To date, there are two main approaches to estimate hierarchical structures from large item pools: hierarchical clustering and bass-ackwards (Goldberg, 2006; Forbes, Baillie et al., 2024, Forbes, Watts et al., 2024; but see Condon, 2022). Agglomerative hierarchical clustering is a bottom-up approach that develops a tree-like hierarchy by merging variables one-by-one (Ward, 1963). In contrast, the bass-ackwards approach establishes a hierarchy from the top-down by extracting the first principal component or factor that explains the maximum possible variance across all variables and continuing to extract dimensions until there is no meaningful variance to extract (Goldberg, 2006). Recent improvements on the bass-ackwards approach include removing redundant components, identifying statistical artifacts, and examining relationships among components across all levels (Forbes, 2024). Despite the recent improvements and empirical applications of these approaches in personality (Goldberg, 2006) and psychopathology (Forbes, Baillie et al., 2024; Forbes, Watts et al., 2024), several limitations and challenges remain unaddressed.

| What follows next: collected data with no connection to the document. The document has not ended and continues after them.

Lemma ineq_fp_gap s : 1 <= s <= 2 ->
  (K-s)*L + s/N < ((N/2 - 2) * K * L - 1) * (2/N * (1 - s*(K-1)/N)).
Proof.
  intros Hs. pose proof N_ge_64.
  replace (((N/2 - 2) * K * L - 1) * (2/N * (1 - s*(K-1)/N))) with
    (K*L - ((4*K*L + 2) + s*K*(K-1)*L)/N + (4*K*L+2)*s*(K-1)/N^2) by (field; lra).
  assert (0 <= (4*K*L+2)*s*(K-1)/N^2)
    by (apply Rdiv_le_0_compat; [apply Rmult_le_pos; [apply Rmult_le_pos |] | ]; nra).
  assert (Hgap : 4*K*L + 2 < L*N - K*(K-1)*L - 1) by nra.
  assert ((s - 1) * (L*N - K*(K-1)*L - 1) >= 0) by (apply Rle_ge, Rmult_le_pos; nra).
  assert (((4*K*L + 2) + s*K*(K-1)*L + s)/N < s*L) by (apply Rlt_div_l; nra).
  replace (((4*K*L + 2) + s*K*(K-1)*L + s)/N) with (((4*K*L + 2) + s*K*(K-1)*L)/N + s/N) in *
    by (field; lra).
  lra.
Qed.

Lemma ineq_admissible : 1 <= (2/N * (1 - 2*(K-1)/N)) * ((N/2 - 2) * K * L - 4).
Proof.
  pose proof N_ge_64.
  replace ((2/N * (1 - 2*(K-1)/N)) * ((N/2 - 2) * K * L - 4)) with
    (K*L - ((4*K*L + 8) + 2*K*(K-1)*L)/N + (4*K*L+8)*2*(K-1)/N^2) by (field; lra).
  assert (0 <= (4*K*L+8)*2*(K-1)/N^2) by (apply Rdiv_le_0_compat; nra).
  assert ((K*L - 1) * (N - 16/9*K^2) >= 0) by (apply Rle_ge, Rmult_le_pos; nra).
  assert (K^2*L*(K-6) >= 0) by (apply Rle_ge, Rmult_le_pos; nra).
  assert (K^2 * (L - 0.693) >= 0) by (apply Rle_ge, Rmult_le_pos; nra).
  assert (K * (K - 6) >= 0) by (apply Rle_ge, Rmult_le_pos; nra).
  assert (((4*K*L+8) + 2*K*(K-1)*L)/N <= K*L - 1) by (apply Rle_div_l; nra).
  lra.
Qed.

Lemma ineq_dPhi d : 1 < d <= N/2 * K * L ->
  0 < 2*N/(N+1) - 4/(N-2) - 4*(d-1)*(K-1)/(N-2)^2.
Proof.
  intros Hd. pose proof N_ge_64.
  assert (4*(d-1)*(K-1)/(N-2)^2 <= 9/8 * L * N^2 / (N-2)^2).
  { apply Rmult_le_compat_r; [apply Rlt_le, Rinv_0_lt_compat; nra | nra]. }
  assert (9/8 * L * N^2 / (N-2)^2 <= 0.85).
  { apply Rmult_le_reg_r with ((N-2)^2); [nra |]. field_simplify; nra. }
  assert (4/(N-2) <= 0.07) by (apply Rmult_le_reg_r with (N-2); [lra |]; field_simplify; nra).
  assert (1.9 <= 2*N/(N+1)) by (apply Rmult_le_reg_r with (N+1); [lra |]; field_simplify; nra).
  lra.
Qed.

Lemma ineq_Phi_main_terms :
  0 < L - 1/N - 2/N * (1 - (K-1)/N + K^2/(2*N^2)) * ((N/2-2)*L) - (K-1)*L/N
      - 2/N^2 * (N/2*L + (K-1)*L) - 2/3 * (N/2*K*L) * (8/N^3).
Proof.
  pose proof N_ge_64.
  replace (L - 1/N - 2/N * (1 - (K-1)/N + K^2/(2*N^2)) * ((N/2-2)*L) - (K-1)*L/N
     - 2/N^2 * (N/2*L + (K-1)*L) - 2/3 * (N/2*K*L) * (8/N^3)) with
     (((3*L - 1)*N - L*(K^2/2 + 26*K/3 - 6))/N^2 + 2*K^2*L/N^3) by (field; lra).
  assert (0 <= 2*K^2*L/N^3) by (apply Rdiv_le_0_compat; nra).
  assert (0 < ((3*L - 1)*N - L*(K^2/2 + 26*K/3 - 6))/N^2).
  { apply Rdiv_lt_0_compat; [| nra].
    assert (K*(K - 6) >= 0) by (apply Rle_ge, Rmult_le_pos; nra).
    assert ((3*L-1)*(N - 16/9*K^2) >= 0) by (apply Rle_ge, Rmult_le_pos; nra).
    assert (K^2*(L-0.693) >= 0) by (apply Rle_ge, Rmult_le_pos; nra).
    assert (K*(0.694 - L) >= 0) by (apply Rle_ge, Rmult_le_pos; nra).
    nra. }
  lra.
Qed.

One important limitation is that both clustering and factor analytic methods often struggle to recover the correct simulated structure when item pools are large or dimension sizes vary (i.e., number of variables per dimension; Hands & Everitt, 1987; MacCallum et al., 1999, 2001; Milligan, 1981). Both conditions are likely to occur in hierarchical structures. Large item pools arise from the common psychometric practice of creating many variables per dimension to increase internal consistency (DeVellis, 2007). Variable dimension sizes may occur during the item refinement phase of scale development or if cross-dimension item interrelations have not been previously explored (e.g., attention-seeking).
A related limitation is the lack of supporting simulation evidence. Simulation studies allow researchers to evaluate how well different methods recover the underlying hierarchical structure by systematically varying parameters with known values (e.g., factor loadings, items per specific factor, number of specific and general factors; Jiménez et al., 2023). These studies are essential to determine whether a method is likely to work across diverse datasets or only under specific conditions (Siepe et al., 2024). Although hierarchical clustering and bass-ackwards have been applied empirically (Forbes, Baillie et al., 2024; Forbes, Watts et al., 2024), neither approach, to our knowledge, has been rigorously evaluated in their ability to recover simulated hierarchical structures.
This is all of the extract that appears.